See McKune v. Lile , 536 U.S. 24, 122 S.Ct. 2017, 153 L.Ed.2d 47 (2002).

Significant discrepancies existed between Rott's testimony and the facts underlying his sex offense conviction. As stated, in 2003, the State charged Rott with two counts of first degree sexual assault and one count of sexual assault of a child for conduct occurring from May 1, 2000, to February 28, 2002. A police officer's probable cause affidavit stated that in November 2002, Rott's former stepdaughter, who was then age 14, reported that Rott had sexually assaulted her for the past 2 years. She reported that he had touched or rubbed her breasts and vaginal area about 12 to 14 times in the previous 2 years. She said that he had also digitally penetrated her vagina on one occasion and penetrated her vagina with a vibrator on one occasion. The officer further stated that in a recorded interview, Rott admitted that he had touched and kissed his stepdaughter's breasts five to six times in the past 2 years, rubbed her vagina with a vibrator, and observed her as she masturbated. But at trial, Rott minimized and contradicted his statements to the investigator about his conduct with his stepdaughter: “Over about a three to four month period I had inappropriately touched my stepdaughter, had sexual contact with her five or six times. It started with touching of her breast to using my finger on her vagina to using a vibrator on her vagina or clitoris.” Rott said that he gave this account of his conduct to Kyel before she and her daughters moved in with him.
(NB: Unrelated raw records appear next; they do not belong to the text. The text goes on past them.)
Lemma series_near_on_nets (N : nat) (w u : net) :
  (forall e, 0 < e <= 1 -> Cmod (w e) <= / rho e ^ N) -> gequiv rho u w ->
  eventually0 (fun e =>
    Cmod (power_series (coefs_at a e) (w e) - power_series (coefs_at a e) (u e))%C <= 1).
Proof.
  intros Hw Hu. destruct (deriv_coefs_bound (N + 2)) as [p Hp].
  generalize (eventually0_and _ _ Hp (eventually0_and _ _ (Hu (p + 3)%nat)
    (eventually0_and _ _ (coefs_summable (N + 1)) (eventually0_of_forall _ Hw)))).
  apply eventually0_mono. intros e _ [Hp' [Hu' [[[Hr1 Hr2] [Hsum _]] Hwe]]].
  set (r := rho e) in *.
  rewrite pow_add in Hu'. pose proof (pow_lt r p Hr1). pose proof (pow_le_1 r p ltac:(lra)).
  assert (Hdel : Cmod (w e - u e)%C <= r ^ p * (1/16)).
  { rewrite <- Cmod_opp. replace (- (w e - u e))%C with (u e - w e)%C by ring.
    assert (r ^ 3 <= 1/16) by (simpl; nra).
    eapply Rle_trans; [exact Hu'|apply Rmult_le_compat_l; lra]. }
  assert (HwN : Cmod (w e) <= / r ^ (N + 1)).
  { pose proof (inv_pow_le_mono r N (N + 1) ltac:(lra) ltac:(lia)). lra. }
  assert (HuN : Cmod (u e) <= / r ^ (N + 1)).
  { replace (u e) with (w e - (w e - u e))%C by ring.
    eapply Rle_trans; [apply Cmod_triangle|]. rewrite Cmod_opp.
    pose proof (inv_pow_S_ge_double r N ltac:(lra)). pose proof (inv_pow_ge_1 r N ltac:(lra)).
    replace (N + 1)%nat with (S N) by lia. nra. }
  eapply Rle_trans.
  - exact (power_series_lipschitz_inv_pow _ (w e) (u e) r N p ltac:(lra) HwN HuN Hp'
             (abs_summable_power_series _ _ _ HwN Hsum) (abs_summable_power_series _ _ _ HuN Hsum)).
  - apply Rle_trans with (4 * (/ r ^ p * (r ^ p * (1/16)))).
    + apply Rmult_le_compat_l; [lra|].
      apply Rmult_le_compat_l; [apply Rlt_le, Rinv_0_lt_compat; lra|exact Hdel].
    + rewrite <- (Rmult_assoc (/ r ^ p)), Rinv_l; lra.
Qed.

Lemma series_bounded_on_nets (N : nat) (w : net) :
  (forall e, 0 < e <= 1 -> Cmod (w e) <= / rho e ^ N) ->
  eventually0 (fun e => Cmod (power_series (coefs_at a e) (w e)) <= / rho e ^ S P).
Proof.
  intros Hw. set (z := fun e => (c e + w e)%C).
  assert (Hz : moderate rho z)
    by (apply moderate_plus; auto; apply (moderate_of_bound rho _ N); auto).
  destruct (F_value_near z Hz) as [u [Hu HFu]].
  assert (Huw : gequiv rho u w).
  { intros q. generalize (Hu q). apply eventually0_mono. intros e _ H. unfold z in H.
    replace (c e + w e - c e)%C with (w e) in H by ring. exact H. }
  generalize (eventually0_and _ _ (series_near_on_nets N w u Hw Huw)
    (eventually0_and _ _ (HFu 0%nat) (eventually0_and _ _ (F_eventually_le z Hz)
    (gauge_eventually_lt _ rho_gauge (1/4) ltac:(lra))))).
  apply eventually0_mono. intros e _ [Hnear [HF [HFz [Hr1 Hr2]]]].
  set (g := power_series (coefs_at a e)) in *.
  replace (g (w e)) with ((g (w e) - g (u e)) + (- (F z e - g (u e)) + F z e))%C by ring.
  eapply Rle_trans; [apply Cmod_triangle|].
  eapply Rle_trans; [apply Rplus_le_compat_l, Cmod_triangle|]. rewrite Cmod_opp.
  assert (4 <= / rho e) by (replace 4 with (/ (1/4)) by field; apply Rinv_le_contravar; lra).
  pose proof (inv_pow_ge_1 (rho e) P ltac:(lra)).
  simpl pow in *. rewrite Rinv_mult. nra.
Qed.

Lemma coefs_bound (N : nat) : eventually0 (fun e =>
  forall n, Cmod (coefs_at a e n) * (/ rho e ^ N) ^ n <= / rho e ^ S P).
Proof.
  destruct (eventually_uniform_of_nets
              (fun e x => 0 < e <= 1 -> Cmod x <= / rho e ^ N)
              (fun e x _ => Cmod (power_series (coefs_at a e) x) <= / rho e ^ S P))
    as [p Hp].
  - intros e He. pose proof (gauge_pos _ rho_gauge e He). rewrite Cmod_0.
    apply Rlt_le, Rinv_0_lt_compat, pow_lt; lra.
  - auto.
  - intros w Hw. exists O. exact (series_bounded_on_nets N w Hw).
  - generalize (eventually0_and _ _ Hp (coefs_summable N)).
    apply eventually0_mono. intros e He [HB [[Hr1 Hr2] [HA _]]] n.
    apply (Cauchy_estimate _ (/ rho e ^ N)); auto.
    + apply Rinv_0_lt_compat, pow_lt; lra.
    + intros x Hx. apply HB. intros _. lra.
Qed.

Lemma series_near_const_coef (u : net) : moderate rho u ->
  gequiv rho (fun e => power_series (coefs_at a e) (u e)) (fun e => a 0%nat e).
Proof.
  intros [N HN] q. set (d := (S P + (q + 2))%nat).
  generalize (eventually0_and _ _ HN
    (eventually0_and _ _ (coefs_bound (N + d)) (coefs_summable N))).
  apply eventually0_mono. intros e _ [HuN [Hab [[Hr1 Hr2] [Hsum _]]]].
  set (r := rho e) in *.
  assert (Hd : r ^ d <= 1/2).
  { unfold d. rewrite Nat.add_succ_l. simpl pow.
    pose proof (pow_le_1 r (P + (q + 2)) ltac:(lra)). pose proof (pow_le r (P + (q + 2)) ltac:(lra)).
    nra. }
  eapply Rle_trans.
  - apply (Cmod_power_series_sub_head (coefs_at a e) (u e) (/ r ^ S P) (r ^ d));
      [split; [apply pow_le; lra|exact Hd]| |exact (abs_summable_power_series _ _ _ HuN Hsum)].
    intros n. specialize (Hab (S n)).
    assert (Hsplit : (/ r ^ N) ^ S n = (/ r ^ (N + d)) ^ S n * (r ^ d) ^ S n).
    { rewrite <- Rpow_mult_distr. f_equal. rewrite pow_add. field. split; apply pow_nonzero; lra. }
    apply Rle_trans with (Cmod (coefs_at a e (S n)) * (/ r ^ N) ^ S n).
    + apply Rmult_le_compat_l; [apply Cmod_ge_0|]. apply pow_incr; split; [apply Cmod_ge_0|exact HuN].
    + rewrite Hsplit, <- Rmult_assoc. apply Rmult_le_compat_r; [apply pow_le, pow_le; lra|exact Hab].
  - replace (/ r ^ S P * r ^ d) with (r ^ (q + 2))
      by (unfold d; rewrite (pow_add r (S P)); field; apply pow_nonzero; lra).
    pose proof (pow_S_add_small r q ltac:(lra)). pose proof (pow_le r (S q) ltac:(lra)). lra.
Qed.

Lemma F_near_const_coef (z : net) : moderate rho z -> gequiv rho (F z) (fun e => a 0%nat e).
Proof.
  intros Hz. destruct (F_value_near z Hz) as [u [Hu HFu]].
  apply (gequiv_trans _ rho_gauge _ _ _ HFu), series_near_const_coef.
  exact (moderate_gequiv _ rho_gauge _ _ (moderate_minus _ rho_gauge _ _ Hz c_moderate) Hu).
Qed.

End BoundedGeneralizedEntire.

Theorem theorem3p4 (rho : R -> R) (F : net -> net) :
  is_gauge rho ->
  gfun rho F ->
  GHF rho F ->
  gen_entire rho F ->
  (exists M : rnet, rmoderate rho M /\ rlt rho (fun _ => 0) M /\
     forall z, moderate rho z -> abs_lt rho (F z) M) ->
  exists c : net, moderate rho c /\ forall z, moderate rho z -> gequiv rho (F z) c.
Proof.
  intros Hg _ _ (c & a & Hc & [Q [R0 Ha]] & Hconv & Hreps) (M & [P HP] & _ & Hbd).
  exists (fun e => a 0%nat e). split.
  - exists R0. generalize Ha. apply eventually0_mono. intros e _ H. exact (H 0%nat).
  - intros z Hz. exact (F_near_const_coef rho F c a M P Hg Hc Hconv Hreps Hbd HP z Hz).
Qed.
Rott said he and his stepdaughter had talked about her masturbating, but that he had never watched her. He said he did not deny this allegation in court because it was petty and he wanted to accept responsibility for his conduct. In contrast to his recorded statements to an officer in 2002, on cross-examination, he explicitly denied having sexual contact with his stepdaughter over a 2–year period. He said that the sexual contact occurred over a 3– to 4–month period. Later, he was asked why the threat of prison had not been a deterrent with his stepdaughter when he clearly knew that penetrating her was a crime. He denied penetrating her and said that when he committed those crimes, he did not think he could go to jail for his conduct.

Contrary to the majority's statements, in the recorded interview with an officer, Rott did not admit to digitally penetrating his stepdaughter. And the majority fails to mention that he did admit to touching and kissing his stepdaughter's breasts five to six times over a 2–year period . Additionally, contrary to his denial at trial, Rott admitted to the officer that he had watched his stepdaughter masturbate. Finally, the probable cause affidavit shows that his stepdaughter accused him of penetrating her vagina with a vibrator, not simply rubbing her with a vibrator as Rott stated.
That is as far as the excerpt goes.